Member of Causeway Coast and Glens Borough Council
- In office 2 May 2019 – 18 May 2023
- Preceded by: Sam Cole
- Succeeded by: Dawn Huggins
- Constituency: Bann

Member of the Northern Ireland Assembly for East Londonderry
- In office 7 March 2007 – 2 March 2017
- Preceded by: Norman Hillis
- Succeeded by: Seat abolished

Member of Coleraine Borough Council
- In office 7 June 2001 – December 2013
- Preceded by: Robert Bolton
- Succeeded by: Michelle Knight-McQuillan
- Constituency: Bann

Personal details
- Born: 8 June 1965 (age 61) Ballymoney, Northern Ireland
- Party: Independent Unionist (since 2023) Democratic Unionist Party (until 2023)

= Adrian McQuillan =

British politician (born 1965)

Adrian McQuillan (born 8 June 1965, Ballymoney) is a former Northern Irish unionist politician who was a Causeway Coast and Glens Councillor for the Bann DEA from 2019 to 2023.

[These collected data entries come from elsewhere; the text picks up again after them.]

Lemma is_lim_seq_piter_sub_nonaffine (x y l : R) (m : nat) : Rabs x < 1 -> Rabs y < 1 ->
  Rabs l < 1 -> (2 <= m)%nat -> a m <> 0 -> is_lim_seq (fun n => piter a n y) l ->
  is_lim_seq (fun n => piter a n x - piter a n y) 0.
Proof.
  intros Hx Hy Hl Hm Ham Hlim.
  destruct (piter_eventually_bounded x y l Hx Hy Hl Hlim) as (R0 & N & HR0 & Hbound).
  assert (HR0pos : 0 <= R0) by (eapply Rle_trans; [apply Rabs_pos | apply (Hbound N (le_n N))]).
  set (c := Rabs (a m) * (1 - R0) ^ 2).
  assert (Hc : 0 < c < 1).
  { assert (Rabs (a m) < 1) by (apply Rabs_lt_between; apply a_bound).
    assert (0 < Rabs (a m)) by (apply Rabs_pos_lt, Ham).
    assert (0 < (1 - R0) ^ 2 <= 1) by (simpl; split; nra).
    unfold c. split; [apply Rmult_lt_0_compat|]; nra. }
  set (d := fun n => Rabs (lcoord (piter a n x) - lcoord (piter a n y))).
  assert (Hd : is_lim_seq d 0).
  { apply (is_lim_seq_of_contracting d (1 - c) N); [lra | intros n; apply Rabs_pos|].
    intros n Hn. destruct (Hbound n Hn) as [Hxn Hyn]. unfold d. rewrite !piter_S.
    apply (lcoord_PSeries_contraction R0 _ _ m); assumption. }
  apply is_lim_seq_abs_0, (is_lim_seq_le_le (fun _ => 0) _ d 0);
    [|apply is_lim_seq_const | exact Hd].
  intros n. split; [apply Rabs_pos|].
  apply Rabs_sub_le_lcoord; apply Rabs_piter_lt_1; assumption.
Qed.

Lemma PSeries_affine (x : R) : (forall k, (2 <= k)%nat -> a k = 0) -> Rabs x < 1 ->
  PSeries a x = a O + a 1%nat * x.
Proof.
  intros Haff Hx. unfold PSeries.
  assert (Hex : ex_series (fun k => a k * x ^ k))
    by (apply ex_series_Rabs, CV_disk_inside, Rabs_lt_CV_radius, Hx).
  rewrite Series_incr_1 by exact Hex.
  rewrite Series_incr_1 by exact (proj1 (ex_series_incr_1 _) Hex).
  rewrite (Series_ext _ (fun _ => 0 * 1)) by (intros n; rewrite Haff by lia; ring).
  rewrite (Series_scal_l 0 (fun _ => 1)). simpl. ring.
Qed.

Lemma is_lim_seq_piter_sub_affine (x y : R) : Rabs x < 1 -> Rabs y < 1 ->
  (forall k, (2 <= k)%nat -> a k = 0) ->
  is_lim_seq (fun n => piter a n x - piter a n y) 0.
Proof.
  intros Hx Hy Haff.
  assert (Hsub : forall n, piter a n x - piter a n y = (x - y) * a 1%nat ^ n).
  { induction n as [|n IH]; [simpl; ring|].
    rewrite !piter_S, !PSeries_affine by (assumption || apply Rabs_piter_lt_1; assumption).
    simpl. replace (a O + a 1%nat * piter a n x - (a O + a 1%nat * piter a n y))
      with (a 1%nat * (piter a n x - piter a n y)) by ring.
    rewrite IH. ring. }
  apply (is_lim_seq_ext (fun n => (x - y) * a 1%nat ^ n)); [intros n; symmetry; apply Hsub|].
  replace (Finite 0) with (Rbar_mult (x - y) 0) by (simpl; f_equal; ring).
  apply is_lim_seq_scal_l, is_lim_seq_geom, Rabs_lt_between, a_bound.
Qed.
(* Let $X$ be a space and let $n \ge 0$. Then for every $\gamma \in \pi_0(L^n X)$ there is a unique pair consisting of \begin{itemize} \item an order-preserving injection $\iota\colon [k] \hookrightarrow [n]$, and \item a new element $\gamma' \in \pi_0(L^k X)$, \end{itemize} such that $\gamma$ is the image of $\gamma'$ under the map $\pi_0(L^kX)\to\pi_0(L^nX)$ induced by the standard projection associated with $\iota$.
   Context: For $n\ge 0$ write $[n]=\{1,\dots,n\}$, $\mathbb{T}^n=(S^1)^n$, and $L^nX = \mathrm{Map}(\mathbb{T}^n, X)$; thus $L^1 X= LX$ is the free loop space and $L^0X=X$. An order-preserving injection $\iota\colon [k] \hookrightarrow [n]$ induces the standard projection $\mathbb{T}^n \to \mathbb{T}^k$, which is the projection onto the coordinates in the image of $\iota$. By precomposition, this projection induces a map $L^kX \to L^nX$. An element of $\pi_0(L^nX)$ is called old if it lies in the image of $\pi_0(L^kX)\to\pi_0(L^nX)$ for some standard projection with $k<n$. Otherwise it is called new. *)

From HB Require Import structures.
From mathcomp Require Import all_boot all_order all_algebra.
From mathcomp Require Import all_classical all_reals all_analysis.
From Stdlib Require Rdefinitions.
From mathcomp Require Import Rstruct Rstruct_topology.
Set Implicit Arguments. Unset Strict Implicit. Unset Printing Implicit Defensive.
Import Order.TTheory GRing.Theory Num.Theory.
Local Open Scope classical_set_scope.
Local Open Scope ring_scope.

Definition circle_set : set (Rdefinitions.R * Rdefinitions.R) :=
  [set z | z.1 ^+ 2 + z.2 ^+ 2 = 1].
Definition S1 : topologicalType := set_type circle_set.

Definition torus (n : nat) : topologicalType := {ptws 'I_n -> S1}.

Definition mapsp (n : nat) (X : topologicalType) : topologicalType :=
  {compact-open, torus n -> X}.
Definition LnX (n : nat) (X : topologicalType) : set (mapsp n X) :=
  [set f | continuous (f : torus n -> X)].

Definition same_pi0 (n : nat) (X : topologicalType) (f g : mapsp n X) : Prop :=
  exists p : Rdefinitions.R -> mapsp n X,
    [/\ {within `[0%R, 1%R], continuous p},
        (forall t, t \in `[0%R, 1%R] -> @LnX n X (p t)),
        p 0%R = f & p 1%R = g].

Definition order_inj (k n : nat) (iota : 'I_k -> 'I_n) : Prop :=
  forall i j : 'I_k, (i < j)%N -> (iota i < iota j)%N.

Definition std_proj (k n : nat) (iota : 'I_k -> 'I_n) : torus n -> torus k :=
  fun t => fun j : 'I_k => t (iota j).

Definition induced_map (X : topologicalType) (k n : nat) (iota : 'I_k -> 'I_n)
  (g : mapsp k X) : mapsp n X :=
  fun t : torus n => (g : torus k -> X) (std_proj iota t).

Definition old_class (X : topologicalType) (k : nat) (g : mapsp k X) : Prop :=
  exists (m : nat) (iota : 'I_m -> 'I_k) (h : mapsp m X),
    [/\ (m < k)%N, order_inj iota, @LnX m X h & same_pi0 (induced_map iota h) g].
Definition new_class (X : topologicalType) (k : nat) (g : mapsp k X) : Prop :=
  ~ old_class g.

(* Reindexing along an equality k = k' (identity once the equation is
   destructed). *)
Definition cast_map (X : topologicalType) (k k' : nat) (e : k = k')
  (g : mapsp k' X) : mapsp k X :=
  fun t : torus k => (g : torus k' -> X) (fun j : 'I_k' => t (cast_ord (esym e) j)).

(* The map pi_0(L^k X) -> pi_0(L^n X) induced by an order-preserving injection
   iota is injective, because the projection T^n -> T^k has a continuous
   section (fill the coordinates outside the image of iota with a base point).
   Existence follows by strong induction on n, since an old class comes from a
   smaller torus.  For uniqueness, suppose iota^* g ~ iota'^* g' with g new.  If
   some iota(i0) is not in the image of iota', pulling back along the section
   shows that g is homotopic to a map that ignores the coordinate i0, so g would
   be old.  Hence iota and iota' have the same image, so they coincide, and then
   g ~ g' by injectivity. *)

From HB Require Import structures.
From mathcomp Require Import all_boot all_order all_algebra.
From mathcomp Require Import all_classical all_reals all_analysis.
From mathcomp Require Import Rstruct Rstruct_topology lra.
Set Implicit Arguments. Unset Strict Implicit. Unset Printing Implicit Defensive.
Import Order.TTheory GRing.Theory Num.Theory.
Import numFieldNormedType.Exports.
Local Open Scope classical_set_scope.
Local Open Scope ring_scope.

Lemma within_continuous_comp_within (T U V : topologicalType) (A : set T)
    (B : set U) (h : T -> U) (p : U -> V) :
  continuous h -> (forall x, A x -> B (h x)) -> {within B, continuous p} ->
  {within A, continuous (p \o h)}.
Proof.
move=> ch hAB /continuousP cp; apply/continuousP => O oO.
have [W oW WB] := (open_subspaceP _ _).1 (cp O oO).
apply/open_subspaceP; exists (h @^-1` W); first by move/continuousP: ch; apply.
rewrite eqEsubset; split => x [Ox Ax]; split => //.
  have : (W `&` B) (h x) by split => //; exact: hAB.
  by rewrite WB => -[].
have : ((p @^-1` O) `&` B) (h x) by split => //; exact: hAB.
by rewrite -WB => -[].
Qed.

Lemma affine_continuous (R : realType) (a b : R) :
  continuous (fun t : R => a * t + b).
Proof. by move=> x; apply: cvgD; [exact: mulrl_continuous | exact: cvg_cst]. Qed.

Section PathsInSubset.
Variables (R : realType) (Y : topologicalType).
Implicit Types (A : set Y) (y z : Y).

Definition path_in A y z : Prop :=
  exists p : R -> Y,
    [/\ {within `[0, 1], continuous p}, (forall t, t \in `[0, 1] -> A (p t)),
        p 0 = y & p 1 = z].

Lemma path_in_refl A y : A y -> path_in A y y.
Proof. by move=> Ay; exists (fun=> y); split => //; exact: cst_continuous. Qed.

Lemma path_in_sym A y z : path_in A y z -> path_in A z y.
Proof.
have rev01 (t : R) : t \in `[0, 1] -> -1 * t + 1 \in `[0, 1].
  by rewrite !in_itv /= => /andP[? ?]; apply/andP; split; lra.
move=> [p [cp Ap p0 p1]]; exists (p \o (fun t => -1 * t + 1)); split.
- apply: within_continuous_comp_within cp; first exact: affine_continuous.
  move=> t; exact: rev01.
- by move=> t /rev01 /Ap.
- by rewrite /= mulr0 add0r.
- by rewrite /= mulr1 addNr.
Qed.

Lemma path_in_trans A x y z : path_in A x y -> path_in A y z -> path_in A x z.
Proof.
move=> [p [cp Ap p0 p1]] [q [cq Aq q0 q1]].
pose r t := if t <= 2^-1 then p (2 * t + 0) else q (2 * t + -1).
have dbl01 (t : R) : 0 <= t <= 2^-1 -> 2 * t + 0 \in `[0, 1].
  by move=> /andP[? ?]; rewrite in_itv /=; apply/andP; split; lra.
have dbl01' (t : R) : 2^-1 <= t <= 1 -> 2 * t + -1 \in `[0, 1].
  by move=> /andP[? ?]; rewrite in_itv /=; apply/andP; split; lra.
exists r; split.
- apply: (@continuous_subspaceW R Y `[0, 1]%classic
    (`[0, 2^-1]%classic `|` `[2^-1, 1]%classic)).
    move=> t /=; rewrite !in_itv /= => /andP[t0 t1].
    have [|lt_t] := leP t (2^-1 : R); first by left; rewrite t0.
    by right; rewrite (ltW lt_t) t1.
  apply: withinU_continuous; [exact: itv_closed | exact: itv_closed | |].
  + apply: (@subspace_eq_continuous _ _ _
      (from_subspace _ (p \o (fun t => 2 * t + 0)))).
      move=> t; rewrite inE /= in_itv /= => /andP[_ t_le].
      by rewrite /from_subspace /r /= ifT.
    apply: within_continuous_comp_within cp; first exact: affine_continuous.
    by move=> t; rewrite /= in_itv /=; exact: dbl01.
  + apply: (@subspace_eq_continuous _ _ _
      (from_subspace _ (q \o (fun t => 2 * t + -1)))).
      move=> t; rewrite inE /= in_itv /= => /andP[? _].
      rewrite /from_subspace /r /=; case: ifP => // ?.
      have -> : 2 * t + 0 = 1 by lra.
      have -> : 2 * t + -1 = 0 by lra.
      by rewrite p1 q0.
    apply: within_continuous_comp_within cq; first exact: affine_continuous.
    by move=> t; rewrite /= in_itv /=; exact: dbl01'.
- move=> t; rewrite in_itv /= => /andP[? ?]; rewrite /r.
  case: ifP => ?; [apply: Ap; apply: dbl01 | apply: Aq; apply: dbl01'];
    apply/andP; split; lra.
- by rewrite /r ifT ?mulr0 ?addr0 //; lra.
- by rewrite /r ifF ?mulr1 ?addrK //; apply/negbTE; rewrite -ltNge; lra.
Qed.

End PathsInSubset.

Lemma path_in_comp (R : realType) (Y Z : topologicalType) (A : set Y) (B : set Z)
    (phi : Y -> Z) (y z : Y) :
  continuous phi -> (forall x, A x -> B (phi x)) ->
  path_in R A y z -> path_in R B (phi y) (phi z).
Proof.
move=> cphi phiAB [p [cp Ap p0 p1]]; exists (phi \o p); split.
- by apply: within_continuous_comp cp => x _; exact: cphi.
- by move=> t /Ap /phiAB.
- by rewrite /= p0.
- by rewrite /= p1.
Qed.

Lemma ptws_continuous (Y : topologicalType) (I : Type) (T : topologicalType)
    (f : Y -> {ptws I -> T}) :
  (forall i, continuous (fun y => f y i)) -> continuous f.
Proof.
move=> cf y; apply/cvg_sup => i U [_ /= [[W oW <-]]] /= Wfy /filterS; apply.
by apply: (cf i); exact: open_nbhs_nbhs.
Qed.

Lemma compact_open_comp_continuous (U V W : topologicalType) (phi : U -> V) :
  continuous phi ->
  continuous (fun g : {compact-open, V -> W} => g \o phi : {compact-open, U -> W}).
Proof.
move=> cphi g; apply/compact_open_cvgP => [|K O cK oO gKO].
  by apply: fmap_filter; exact: nbhs_filter.
have cphiK : compact (phi @` K).
  by apply: continuous_compact => //; exact: continuous_subspaceT.
have : nbhs g [set h : {compact-open, V -> W} | h @` (phi @` K) `<=` O].
  apply: open_nbhs_nbhs; split; first exact: compact_open_open.
  by move=> _ [_ [x Kx <-] <-]; apply: gKO; exists x.
apply: filterS => h hO _ [x Kx <-]; apply: hO; exists (phi x) => //; exists x.
Qed.

Section ExtendByBasepoint.
Variables (T : topologicalType) (x0 : T) (I J : finType) (iota : I -> J).

Definition extend (t : I -> T) : J -> T :=
  fun j => if [pick i | iota i == j] is Some i then t i else x0.

Lemma extend_continuous : continuous (extend : {ptws I -> T} -> {ptws J -> T}).
Proof.
apply: ptws_continuous => j; rewrite /extend.
case: pickP => [i _|_]; last exact: cst_continuous.
exact: (@proj_continuous _ (fun=> T) i).
Qed.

He previously served as a Democratic Unionist Party (DUP) Member of the Northern Ireland Assembly (MLA) for East Londonderry from 2007 to 2017

==Career==
McQuillan is a joiner by training, and was a postman for 18 years.

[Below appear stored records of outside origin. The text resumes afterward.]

Lemma dist_pred x y : reach x y -> 0 < dist r x y ->
  exists w, [/\ reach x w, dist r x w = (dist r x y).-1 & r w y].
Proof.
move=> H Hp; have Hin := dist_in H.
rewrite -(prednK Hp) in Hin.
case/ballSP: Hin => [Hb|[w Hw Hr]].
  by move: Hb; rewrite -distP // leqNgt ltn_predL Hp.
have Rw : reach x w by exists (dist r x y).-1.
exists w; split => //.
apply/eqP; rewrite eqn_leq distP // Hw /=.
have : dist r x y <= (dist r x w).+1.
  by rewrite distP //; apply: ball_step (dist_in Rw) Hr.
by rewrite -{1}(prednK Hp) ltnS.
Qed.

Lemma dist_edge x y : r x y -> dist r x y <= 1.
Proof.
move=> Hxy; have Rxy : reach x y by exists 1; apply: ball_step (ball_self _ _) Hxy.
by rewrite distP //; apply: ball_step (ball_self _ _) Hxy.
Qed.

Lemma dist_geodesic x y q k : reach x y -> dist r x y = q + k ->
  exists u, [/\ reach x u, dist r x u = q, reach u y & dist r u y <= k].
Proof.
elim: k y => [|k IH] y Hxy Hd.
  by exists y; rewrite Hd addn0 dist_self; split=> //; apply: reach_refl.
have [w [Rw Dw Ew]] := dist_pred Hxy (ltac:(by rewrite Hd addnS)).
rewrite Hd addnS /= in Dw.
have [u [Ru Du Ruw Duw]] := IH w Rw Dw.
have Rwy : reach w y by exists 1; apply: ball_step (ball_self _ _) Ew.
exists u; split=> //; first exact: reach_trans Ruw Rwy.
by apply: leq_trans (dist_tri Ruw Rwy) _; rewrite -addn1 leq_add // dist_edge.
Qed.

End Balls.

Section LevelCounting.

Lemma sum_levels_ge (g : nat -> nat) w R : (forall q, 0 < q <= R -> w <= g q) ->
  R * w <= \sum_(q < R.+1) g q.
Proof.
elim: R => [|R IH] H; first by rewrite mul0n.
rewrite big_ord_recr /= mulSn addnC; apply: leq_add; last by apply: H; rewrite leqnn.
by apply: IH => q /andP [Hq HqR]; apply: H; rewrite Hq /= ltnW.
Qed.
(* Let $T$ be a triangulation of the oriented 2-sphere (a simplicial complex), $z:\mathcal V(T)\to\mathbb C$ injective with no degenerate face. For every vertex $v$ and edge $e$, $$\frac{\partial\theta_e}{\partial z_v}=\frac{\mathrm i}2\sum_{e'\in\mathcal E(T)}A_{v,e'}E_{e',e},\qquad \frac{\partial\theta_e}{\partial\bar z_v}=-\frac{\mathrm i}2\sum_{e'\in\mathcal E(T)}\bar A_{v,e'}E_{e',e}.$$
   Context: Faces are written $(a,b,c)$ in positive cyclic order for the orientation. For an edge $e=\{a,b\}$ with adjacent faces $(a,b,c)$ and $(b,a,d)$, $\theta_e=\pi-\mathrm{Arg}\frac{z_b-z_c}{z_a-z_c}-\mathrm{Arg}\frac{z_a-z_d}{z_b-z_d}$ (local continuous branch; for a Delaunay triangulation with counterclockwise faces this is $\pi$ minus the sum of the two angles opposite $e$). $A_{v,e}=\frac1{z_v-z_{v'}}$ if $e=\{v,v'\}$, and $0$ if $v\notin e$; $\bar A$ is its complex conjugate. $E_{e,e'}$: for $e\neq e'$ in a common face with edges $\{a,b\},\{b,c\},\{c,a\}$ in positive cyclic order, $E_{e,e'}=-1$ if $e'$ immediately follows $e$ and $+1$ if $e'$ immediately precedes $e$; otherwise $0$. Derivatives are Wirtinger derivatives. *)

From HB Require Import structures.
From mathcomp Require Import all_boot all_order all_algebra.
From mathcomp Require Import all_classical all_reals all_analysis.
From mathcomp Require Import complex.
Set Implicit Arguments. Unset Strict Implicit. Unset Printing Implicit Defensive.
Import Order.TTheory GRing.Theory Num.Theory.
Local Open Scope ring_scope.

(* A triangulation on a finite vertex type V is given by its positively
   oriented faces: [face a b c] holds iff (a,b,c) is a face listed in positive
   cyclic order (so [face] is closed under cyclic rotation). *)

Definition adj (V : finType) (face : V -> V -> V -> bool) (a b : V) : bool :=
  [exists c, face a b c].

McQuillan was first elected onto Coleraine Borough Council at the 2001 election, representing the Bann District. He was the only Democratic Unionist Party (DUP) councillor to be returned in that district, following Robert Bolton's unsuccessful candidacy as an independent.
McQuillan was re-elected to the council in 2005.

He was later elected to the Northern Ireland Assembly as one of three DUP MLAs for East Londonderry at the 2007 election, but lost his seat in the 2017 Northern Ireland Assembly election.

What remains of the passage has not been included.